(Beginning of TASK MATERIAL)

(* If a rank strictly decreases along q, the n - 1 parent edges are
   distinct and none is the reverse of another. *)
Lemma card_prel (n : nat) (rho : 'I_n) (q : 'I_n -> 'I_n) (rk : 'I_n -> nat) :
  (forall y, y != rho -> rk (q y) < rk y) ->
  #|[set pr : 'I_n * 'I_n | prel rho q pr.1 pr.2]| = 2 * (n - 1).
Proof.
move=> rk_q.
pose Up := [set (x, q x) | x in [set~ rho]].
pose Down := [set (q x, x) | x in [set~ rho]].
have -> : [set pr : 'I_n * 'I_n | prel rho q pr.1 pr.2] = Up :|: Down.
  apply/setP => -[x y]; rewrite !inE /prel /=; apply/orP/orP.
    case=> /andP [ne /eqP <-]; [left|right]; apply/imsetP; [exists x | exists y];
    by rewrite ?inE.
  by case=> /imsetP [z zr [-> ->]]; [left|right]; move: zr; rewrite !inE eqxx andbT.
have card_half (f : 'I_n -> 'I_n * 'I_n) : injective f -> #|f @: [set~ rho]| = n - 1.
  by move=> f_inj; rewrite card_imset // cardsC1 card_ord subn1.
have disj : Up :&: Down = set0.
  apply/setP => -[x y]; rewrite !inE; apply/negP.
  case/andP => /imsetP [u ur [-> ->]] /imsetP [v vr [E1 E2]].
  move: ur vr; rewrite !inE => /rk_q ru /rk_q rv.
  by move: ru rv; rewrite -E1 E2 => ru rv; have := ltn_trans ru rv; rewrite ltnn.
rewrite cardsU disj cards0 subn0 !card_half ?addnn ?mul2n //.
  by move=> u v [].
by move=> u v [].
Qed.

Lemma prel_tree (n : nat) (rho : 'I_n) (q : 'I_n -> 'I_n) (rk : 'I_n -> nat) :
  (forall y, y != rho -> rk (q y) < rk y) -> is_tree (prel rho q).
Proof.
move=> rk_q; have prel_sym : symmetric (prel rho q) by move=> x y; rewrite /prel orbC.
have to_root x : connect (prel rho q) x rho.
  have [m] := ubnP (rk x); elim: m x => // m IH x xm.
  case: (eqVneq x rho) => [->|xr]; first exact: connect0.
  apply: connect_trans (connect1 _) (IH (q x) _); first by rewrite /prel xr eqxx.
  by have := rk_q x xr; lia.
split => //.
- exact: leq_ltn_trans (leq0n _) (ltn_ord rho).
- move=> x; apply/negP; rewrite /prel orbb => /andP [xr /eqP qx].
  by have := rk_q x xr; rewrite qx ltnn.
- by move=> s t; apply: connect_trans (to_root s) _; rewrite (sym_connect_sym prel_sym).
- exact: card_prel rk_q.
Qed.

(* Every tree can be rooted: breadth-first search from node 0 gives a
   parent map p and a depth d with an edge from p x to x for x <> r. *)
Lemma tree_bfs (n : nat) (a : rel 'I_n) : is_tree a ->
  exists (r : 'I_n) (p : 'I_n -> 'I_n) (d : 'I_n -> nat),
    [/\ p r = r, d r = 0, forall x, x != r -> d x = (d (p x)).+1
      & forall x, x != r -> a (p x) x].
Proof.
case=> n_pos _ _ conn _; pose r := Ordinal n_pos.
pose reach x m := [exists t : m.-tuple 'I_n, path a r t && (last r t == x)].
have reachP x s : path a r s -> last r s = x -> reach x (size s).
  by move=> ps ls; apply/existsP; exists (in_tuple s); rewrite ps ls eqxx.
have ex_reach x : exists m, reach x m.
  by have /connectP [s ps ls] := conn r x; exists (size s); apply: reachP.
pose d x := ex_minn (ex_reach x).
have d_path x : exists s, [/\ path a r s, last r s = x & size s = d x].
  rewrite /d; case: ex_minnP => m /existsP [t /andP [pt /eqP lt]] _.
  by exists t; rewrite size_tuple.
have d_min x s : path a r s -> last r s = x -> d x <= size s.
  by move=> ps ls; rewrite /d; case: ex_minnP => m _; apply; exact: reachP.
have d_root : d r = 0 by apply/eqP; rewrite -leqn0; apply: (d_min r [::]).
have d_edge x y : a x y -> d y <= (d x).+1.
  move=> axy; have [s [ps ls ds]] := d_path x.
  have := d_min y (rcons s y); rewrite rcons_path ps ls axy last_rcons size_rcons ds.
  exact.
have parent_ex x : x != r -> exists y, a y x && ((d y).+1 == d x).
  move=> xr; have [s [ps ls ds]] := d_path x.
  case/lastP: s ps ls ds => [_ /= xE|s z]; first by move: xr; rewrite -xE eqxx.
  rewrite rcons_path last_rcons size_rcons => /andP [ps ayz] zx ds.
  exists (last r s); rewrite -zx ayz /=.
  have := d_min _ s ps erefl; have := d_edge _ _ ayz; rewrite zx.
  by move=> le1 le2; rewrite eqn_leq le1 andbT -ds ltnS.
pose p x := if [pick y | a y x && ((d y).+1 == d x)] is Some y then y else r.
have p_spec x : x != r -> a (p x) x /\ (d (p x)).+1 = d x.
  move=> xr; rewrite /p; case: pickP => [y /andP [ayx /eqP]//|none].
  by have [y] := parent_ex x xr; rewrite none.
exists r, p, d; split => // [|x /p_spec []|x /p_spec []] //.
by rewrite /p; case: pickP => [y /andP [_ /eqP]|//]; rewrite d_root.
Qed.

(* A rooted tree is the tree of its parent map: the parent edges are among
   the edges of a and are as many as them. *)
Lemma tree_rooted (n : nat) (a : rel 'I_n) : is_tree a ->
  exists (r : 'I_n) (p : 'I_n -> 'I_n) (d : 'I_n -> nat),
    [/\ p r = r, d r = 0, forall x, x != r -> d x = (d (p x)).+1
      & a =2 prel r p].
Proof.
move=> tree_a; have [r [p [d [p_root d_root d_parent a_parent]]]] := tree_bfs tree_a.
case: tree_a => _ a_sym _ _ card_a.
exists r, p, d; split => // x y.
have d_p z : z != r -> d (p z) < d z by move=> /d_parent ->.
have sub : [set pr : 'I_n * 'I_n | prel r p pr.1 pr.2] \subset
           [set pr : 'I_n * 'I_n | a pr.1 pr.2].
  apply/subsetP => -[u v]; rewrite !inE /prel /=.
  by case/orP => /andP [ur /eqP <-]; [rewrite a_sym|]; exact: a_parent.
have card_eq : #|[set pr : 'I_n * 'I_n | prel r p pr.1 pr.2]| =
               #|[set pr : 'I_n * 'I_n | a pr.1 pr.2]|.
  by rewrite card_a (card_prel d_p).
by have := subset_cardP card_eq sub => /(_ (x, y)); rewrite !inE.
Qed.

(End of TASK MATERIAL)

EXERCISE BRIEF: Would you retype the lines above from the one with "the edges of a and are as many as them. *)" down to the one with "by rewrite card_a (card_prel d_p).", word for word, both ends included and no other lines?

RESPONSE:
   the edges of a and are as many as them. *)
Lemma tree_rooted (n : nat) (a : rel 'I_n) : is_tree a ->
  exists (r : 'I_n) (p : 'I_n -> 'I_n) (d : 'I_n -> nat),
    [/\ p r = r, d r = 0, forall x, x != r -> d x = (d (p x)).+1
      & a =2 prel r p].
Proof.
move=> tree_a; have [r [p [d [p_root d_root d_parent a_parent]]]] := tree_bfs tree_a.
case: tree_a => _ a_sym _ _ card_a.
exists r, p, d; split => // x y.
have d_p z : z != r -> d (p z) < d z by move=> /d_parent ->.
have sub : [set pr : 'I_n * 'I_n | prel r p pr.1 pr.2] \subset
           [set pr : 'I_n * 'I_n | a pr.1 pr.2].
  apply/subsetP => -[u v]; rewrite !inE /prel /=.
  by case/orP => /andP [ur /eqP <-]; [rewrite a_sym|]; exact: a_parent.
have card_eq : #|[set pr : 'I_n * 'I_n | prel r p pr.1 pr.2]| =
               #|[set pr : 'I_n * 'I_n | a pr.1 pr.2]|.
  by rewrite card_a (card_prel d_p).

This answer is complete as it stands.